Deuterium isotope effects. Fred E. Regnier and colleagues at Purdue University identify structural features responsible for resolving heavy isotope-coded peptides during reversed-phase chromatography using labeling coding agents that vary in structure, the number of deuterium atoms, the placement of deuterium in the coding agent, and the functional group targeted by the reagent. The single most dominant effect is the placement of deuterium atoms relative to hydrophilic functional groups in the coding agent. (“Controlling Deuterium Isotope Effects in Comparative Proteomics”; 10.1021/ac025614; p 3662)
Quantitation of oligonucleotides by MS, not UV. Gavin O’Connor and colleagues at LGC Limited (United Kingdom) describe a new method for the quantitation of oligonucleotides. Instead of using a sequence-specific standard or measuring UV absorbance, the researchers use isotope dilution MS to determine the concentrations of dAMP, dCMP, dGMP, and dTMP individually and add those values to get the final concentration of the oligonucleotide. (“Quantitation of Oligonucleotides by Phosphodiesterase Digestion Followed by Isotope Dilution Mass Spectrometry: Proof of Concept”; 10.1021/ac0255375; p 3670)

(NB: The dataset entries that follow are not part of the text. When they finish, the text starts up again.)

(* Let $\tfrac12<\sigma<1$. Then, as $n\to\infty$, $$\frac{1}{n^{2(1-\sigma)}}\int_0^1\Big|\sum_{k=1}^n\frac{1}{k^{\sigma+it}}\Big|^2dt=\frac{1}{1-\sigma}\arctan\Big(\frac{1}{1-\sigma}\Big)+O_\sigma\Big(\frac{1}{n^{2(1-\sigma)/3}}\Big).$$ *)

From Stdlib Require Import Reals.
From Coquelicot Require Import Coquelicot.
Open Scope R_scope.

(* Complex power k^{-s} := exp(-s * ln k) for a positive integer k and s in C,
   written out: exp(-(a+ib) ln k) = k^{-a} (cos(b ln k) - i sin(b ln k)). *)
Definition nat_cpow_neg (k : nat) (s : C) : C :=
  let L := ln (INR k) in
  (exp (- Re s * L) * cos (Im s * L), - (exp (- Re s * L) * sin (Im s * L))).

Fixpoint dirichlet_sum (n : nat) (s : C) : C :=
  match n with
  | O => 0%C
  | S m => Cplus (dirichlet_sum m s) (nat_cpow_neg (S m) s)
  end.

From Stdlib Require Import Reals Lra Psatz.
From Coquelicot Require Import Coquelicot.
Open Scope R_scope.

(* Write s = sigma + i t and a = 1 - sigma.  Comparing S_n(s) = sum_(k <= n) k^-s with the
   integral of y^-s, the step from k to k + 1 costs
   (1 - s) (k + 1)^-s - ((k + 1)^(1-s) - k^(1-s)) = O((k + 1)^(-sigma-1)) uniformly for
   0 <= t <= 1, which is O(k^-sigma - (k + 1)^-sigma); these telescope, so
   (1 - s) S_n(s) = n^(1-s) + O(1).  Taking squared moduli,
   |S_n(s)|^2 / n^(2a) = 1 / (a^2 + t^2) + O(n^-a), and 1 / (a^2 + t^2) integrates over [0, 1]
   to atan(1 / a) / a.  The error O(n^-a) is better than the one claimed, and only
   0 < sigma < 1 is used. *)

Lemma sin_ge_cubic y : 0 <= y <= 4 -> y - y ^ 3 / 6 <= sin y.
Proof.
  intros Hy. destruct (pre_sin_bound y 0 (proj1 Hy) (proj2 Hy)) as [H _].
  unfold sin_approx, sin_term in H. simpl in H. unfold INR in H. simpl in H. lra.
Qed.

Lemma cos_ge_quadratic y : -2 <= y <= 2 -> 1 - y ^ 2 / 2 <= cos y.
Proof.
  intros Hy. destruct (pre_cos_bound y 0 (proj1 Hy) (proj2 Hy)) as [H _].
  unfold cos_approx, cos_term in H. simpl in H. unfold INR in H. simpl in H. lra.
Qed.

Lemma exp_neg_le_quadratic w : 0 <= w -> exp (- w) <= 1 - w + w ^ 2.
Proof.
  intros Hw.
  assert (Hinv : exp (- w) * exp w = 1)
    by (rewrite <- exp_plus, Rplus_opp_l; apply exp_0).
  pose proof (exp_ineq1_le w). pose proof (exp_pos (- w)).
  (* (1 - w + w^2) (1 + w) = 1 + w^3 >= exp (- w) exp w >= exp (- w) (1 + w) *)
  assert (exp (- w) * (1 + w) <= (1 - w + w ^ 2) * (1 + w)) by nra.
  nra.
Qed.

Lemma ln_le_sub1 y : 0 < y -> ln y <= y - 1.
Proof. intros Hy. pose proof (exp_ineq1_le (ln y)) as Hexp. rewrite exp_ln in Hexp; lra. Qed.

Lemma ln_succ_sub_bounds x : 0 < x -> / (x + 1) <= ln (x + 1) - ln x <= / x.
Proof.
  intros Hx. split.
  - assert (H : ln (x / (x + 1)) <= x / (x + 1) - 1)
      by (apply ln_le_sub1, Rdiv_lt_0_compat; lra).
    rewrite ln_div in H by lra.
    replace (x / (x + 1) - 1) with (- / (x + 1)) in H by (field; lra). lra.
  - assert (H : ln ((x + 1) / x) <= (x + 1) / x - 1)
      by (apply ln_le_sub1, Rdiv_lt_0_compat; lra).
    rewrite ln_div in H by lra.
    replace ((x + 1) / x - 1) with (/ x) in H by (field; lra). lra.
Qed.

Cerebral H2O2. Lanqun Mao and colleagues at the Tokyo Institute of Technology, BioelectroAnalytical Science, and Graduate School of Integrated Science (all in Japan) demonstrate an amperometric method suitable for the continuous on-line measurement of cerebral H2O2 from a microdialysate using an enzyme-
modified ring–disk plastic carbon film electrode in a thin-layer radial flow cell. The procedure allows monitoring of trace levels of H2O2 without interference from physiological levels of vitamin C, uric acid, electroactive neurotransmitters, and their metabolites in a continuous-flow system. (“Continuous OnLine Measurement of Cerebral Hydrogen Peroxide Using Enzyme-Modified Ring–Disk Plastic Carbon Film Electrode”; 10.1021/ac011261+; p 3684)
CE and LIF help solve adduct binding stoichiometry. X. Chris Le, Michael Weinfeld, and co-workers at the University of Alberta (Canada) synthesize four oligonucleotides—each containing a single adduct of the carcinogenic benzo[a]pyrene diol epoxide—to study the binding stoichiometry between the DNA adduct and its antibody. The four oligonucleotides are fluorescently labeled and unlabeled 16- and 90-mers, and each free oligonucleotide and its complexes with mouse monoclonal antibody are separated using CE and detected with laser-induced fluorescence (LIF). The method provides direct information on antibody-binding stoichiometry and reveals ligand redistribution/exchange between the fluorescently labeled and unlabeled oligonucleotides in the antibody complexes. (“Binding Stoichiometry of DNA Adducts with Antibody Studied by Capillary Electrophoresis and LaserInduced Fluorescence”; 10.1021/ac0201979; p 3714)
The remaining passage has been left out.